Downsampling

Introduction

Downsampling is a broad technique used across signal processing, image processing, and machine learning to reduce the size or resolution of data. Depending on the context, it can mean reducing the sampling rate of a signal, shrinking the spatial dimensions of an image or feature map, or removing examples from a majority class to address class imbalance in a dataset. The central motivation behind downsampling is to lower computational costs and memory requirements while preserving as much useful information as possible.

The term appears in several distinct but related settings. In digital signal processing, downsampling (also called decimation) reduces the number of samples per unit of time. In convolutional neural network architectures, downsampling reduces the height and width of feature maps through pooling layers or strided convolutions. In data science and statistical learning, downsampling (also called undersampling) refers to reducing the number of instances in the majority class of a class-imbalanced dataset. Each of these uses shares a common thread: systematically discarding some portion of data in a controlled way to achieve a practical benefit.

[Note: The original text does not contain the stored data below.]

(* Consider an $n$-th order strictly proper SISO system with transfer function \[ P(s)=\frac{y(s)}{u(s)}=\frac{b_1s^{n-1}+\dots+b_{n-1}s+b_n}{s^n+a_1s^{n-1}+\dots+a_{n-1}s+a_n}, \] with unknown coefficients $a_i\in[\underline a_i,\bar a_i]$ and $b_j\in[\underline b_j,\bar b_j]$ for $i,j=1,\dots,n$. Let $c_0=[1,0,\dots,0]$ and let $A_0\in\mathbb{R}^{n\times n}$ be a strictly stable matrix in observable canonical form with characteristic polynomial $s^n+\hat a_1s^{n-1}+\dots+\hat a_n$ (ones on the superdiagonal, first column $-[\hat a_1,\dots,\hat a_n]^T$, zeros elsewhere). Realize the system as $\dot x=A_0x+b_yy+b_uu$, $y=c_0x$, with $b_y=[\hat a_1-a_1,\dots,\hat a_n-a_n]^T$ and $b_u=[b_1,\dots,b_n]^T$. Let $\theta_y,\theta_u$ satisfy $\dot\theta_y=A_0^T\theta_y+c_0^Ty$, $\dot\theta_u=A_0^T\theta_u+c_0^Tu$; let $C_0$ be the observability matrix of $(c_0,A_0)$ (rows $c_0A_0^{k}$, $k=0,\dots,n-1$), $\Theta_y,\Theta_u$ the controllability matrices $[\theta,A_0^T\theta,\dots,(A_0^T)^{n-1}\theta]$ for $\theta=\theta_y,\theta_u$, and $E_y=C_0^{-1}\Theta_y^T$, $E_u=C_0^{-1}\Theta_u^T$. For parameter vectors define $\hat x(b_y,b_u)=E_yb_y+E_ub_u$, and let $\hat x(b_{yi},b_{ui})$, $i=1,\dots,N$, be all the vertices of the convex hull of the points $E_y[\hat a_1-a_1,\dots,\hat a_n-a_n]^T+E_u[b_1,\dots,b_n]^T$ with $a_i\in\{\underline a_i,\bar a_i\}$, $b_j\in\{\underline b_j,\bar b_j\}$. Let $\epsilon_0=x(0)-\hat x(0)$, where $\hat x$ is evaluated at the true coefficients. Let $Q\succ0$ and $\|x\|_q=(x^TQ^{-1}x)^{1/2}$. If \[ A_0Q+QA_0^T+2\alpha Q\preceq 0, \] then for every $t\ge0$ there exists $i\in\{1,\dots,N\}$ such that \[ \|x(t)\|_q\le\|\hat x(b_{yi},b_{ui})(t)\|_q+e^{-\alpha t}\|\epsilon_0\|_q . \]
   Context: $\hat x(b_{yi},b_{ui})(t)$ denotes $E_y(t)b_{yi}+E_u(t)b_{ui}$, computable from the measured $u,y$ through the filters. *)

From HB Require Import structures.
From mathcomp Require Import all_boot all_order all_algebra.
From mathcomp Require Import all_classical all_reals all_analysis.
From mathcomp Require Import complex.
Set Implicit Arguments. Unset Strict Implicit. Unset Printing Implicit Defensive.
Import Order.TTheory GRing.Theory Num.Theory.
Import numFieldNormedType.Exports.
Local Open Scope ring_scope.
Local Open Scope classical_set_scope.

Section Defs.
Variables (R : realType) (n : nat).

(* c0 = [1, 0, ..., 0] (a row vector); needs n > 0 to be meaningful. *)
Definition c0 : 'rV[R]_n := \row_(j < n) (if (j : nat) == 0%N then 1 else 0).

(* Observable canonical form with characteristic polynomial
   s^n + ahat_1 s^(n-1) + ... + ahat_n  (index k : 'I_n stands for ahat_(k+1)):
   first column -ahat, ones on the superdiagonal, zeros elsewhere. *)
Definition A0 (ahat : 'cV[R]_n) : 'M[R]_n :=
  \matrix_(i < n, j < n)
    (if (j : nat) == 0%N then - ahat i 0
     else if (j : nat) == i.+1 then 1 else 0).

Definition strictly_stable (A : 'M[R]_n) : Prop :=
  forall z : R[i], root (map_poly (fun r : R => (r%:C)%C) (char_poly A)) z ->
    complex.Re z < 0.

Definition obsv_mx (c : 'rV[R]_n) (A : 'M[R]_n) : 'M[R]_n :=
  \matrix_(k < n, j < n) (c *m A ^+ k) 0 j.

Definition ctrb_mx (A : 'M[R]_n) (th : 'cV[R]_n) : 'M[R]_n :=
  \matrix_(i < n, k < n) ((A^T) ^+ k *m th) i 0.

Definition Emx (ahat : 'cV[R]_n) (th : 'cV[R]_n) : 'M[R]_n :=
  invmx (obsv_mx c0 (A0 ahat)) *m (ctrb_mx (A0 ahat) th)^T.

Definition xhat (ahat thy thu by_ bu : 'cV[R]_n) : 'cV[R]_n :=
  Emx ahat thy *m by_ + Emx ahat thu *m bu.

Definition posdef (Q : 'M[R]_n) : Prop :=
  Q^T = Q /\ forall v : 'cV[R]_n, v != 0 -> 0 < (v^T *m Q *m v) 0 0.

Definition negsemidef (M : 'M[R]_n) : Prop :=
  M^T = M /\ forall v : 'cV[R]_n, (v^T *m M *m v) 0 0 <= 0.

Definition qnorm (Q : 'M[R]_n) (v : 'cV[R]_n) : R :=
  Num.sqrt ((v^T *m invmx Q *m v) 0 0).

Definition conv_hull (S : set 'cV[R]_n) : set 'cV[R]_n :=
  [set p | exists (m : nat) (w : 'I_m -> R) (v : 'I_m -> 'cV[R]_n),
     (forall k, 0 <= w k) /\ \sum_(k < m) w k = 1 /\ (forall k, S (v k)) /\
     p = \sum_(k < m) w k *: v k].

Definition vertex_of (C : set 'cV[R]_n) (p : 'cV[R]_n) : Prop :=
  C p /\ forall (u v : 'cV[R]_n) (l : R), C u -> C v -> 0 < l < 1 ->
    p = l *: u + (1 - l) *: v -> u = p /\ v = p.

Definition corner_points (ahat thy thu alo ahi blo bhi : 'cV[R]_n)
  : set 'cV[R]_n :=
  [set p | exists a b : 'cV[R]_n,
     (forall i, a i 0 = alo i 0 \/ a i 0 = ahi i 0) /\
     (forall j, b j 0 = blo j 0 \/ b j 0 = bhi j 0) /\
     p = xhat ahat thy thu (ahat - a) b].

End Defs.

From HB Require Import structures.
From mathcomp Require Import all_boot all_order all_algebra.
From mathcomp Require Import all_classical all_reals all_analysis.
From mathcomp Require Import complex.
From mathcomp Require Import ring lra.
Set Implicit Arguments. Unset Strict Implicit. Unset Printing Implicit Defensive.
Import Order.TTheory GRing.Theory Num.Theory.
Import numFieldNormedType.Exports.
Local Open Scope ring_scope.
Local Open Scope classical_set_scope.

(* Both the observability matrix C0 of (c0, A0) and the matrix K(v) with
   rows v^T (A0^T)^k intertwine with the companion matrix F of the
   characteristic polynomial of A0, by Cayley-Hamilton: C0 A0 = F C0 and
   K(v) A0^T = F K(v).  Hence G(v) = C0^-1 K(v) satisfies E(theta) v =
   G(v) theta, G(v) A0^T = A0 G(v) and G(v) c0^T = v, so the error
   eps = x - xhat(b_y, b_u) at the true parameters obeys eps' = A0 eps.
   With P = Q^-1, the LMI makes e^(2 alpha t) eps^T P eps nonincreasing,
   whence |eps(t)|_q <= e^(-alpha t) |eps(0)|_q.  Finally xhat is affine in
   the parameters, so by convexity of |.|_q its norm on the parameter box
   is largest at a corner, and a corner of largest norm is a vertex of the
   hull because the |.|_q ball is strictly convex. *)

Section MxForm.
Variables (R : realType) (n : nat) (P : 'M[R]_n).

Definition mxform (u v : 'cV[R]_n) : R := (u^T *m P *m v) 0 0.
Definition mxnorm (v : 'cV[R]_n) : R := Num.sqrt (mxform v v).

Lemma mxformDl u v w : mxform (u + v) w = mxform u w + mxform v w.
Proof. by rewrite /mxform linearD /= !mulmxDl mxE. Qed.

Lemma mxformDr u v w : mxform w (u + v) = mxform w u + mxform w v.
Proof. by rewrite /mxform !mulmxDr mxE. Qed.

Lemma mxformZl c u w : mxform (c *: u) w = c * mxform u w.
Proof. by rewrite /mxform linearZ /= -!scalemxAl mxE. Qed.

Lemma mxformZr c u w : mxform w (c *: u) = c * mxform w u.
Proof. by rewrite /mxform -!scalemxAr mxE. Qed.

Lemma mxformNl u w : mxform (- u) w = - mxform u w.
Proof. by rewrite -scaleN1r mxformZl mulN1r. Qed.

Lemma mxformNr u w : mxform w (- u) = - mxform w u.
Proof. by rewrite -scaleN1r mxformZr mulN1r. Qed.

Lemma mxform0l w : mxform 0 w = 0.
Proof. by rewrite /mxform linear0 !mul0mx mxE. Qed.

Downsampling in signal processing

In signal processing, downsampling means reducing the sampling rate of a discrete-time signal. If a signal is originally sampled at rate f_s, downsampling by a factor of M produces a new signal sampled at rate f_s / M by retaining only every M-th sample and discarding the rest.

A critical concern when downsampling a signal is aliasing. According to the Nyquist-Shannon sampling theorem, a signal must be sampled at a rate at least twice its highest frequency component in order to be reconstructed without distortion. Reducing the sampling rate without first removing high-frequency content can cause those frequencies to "fold" into lower frequency bands, producing artifacts known as aliasing.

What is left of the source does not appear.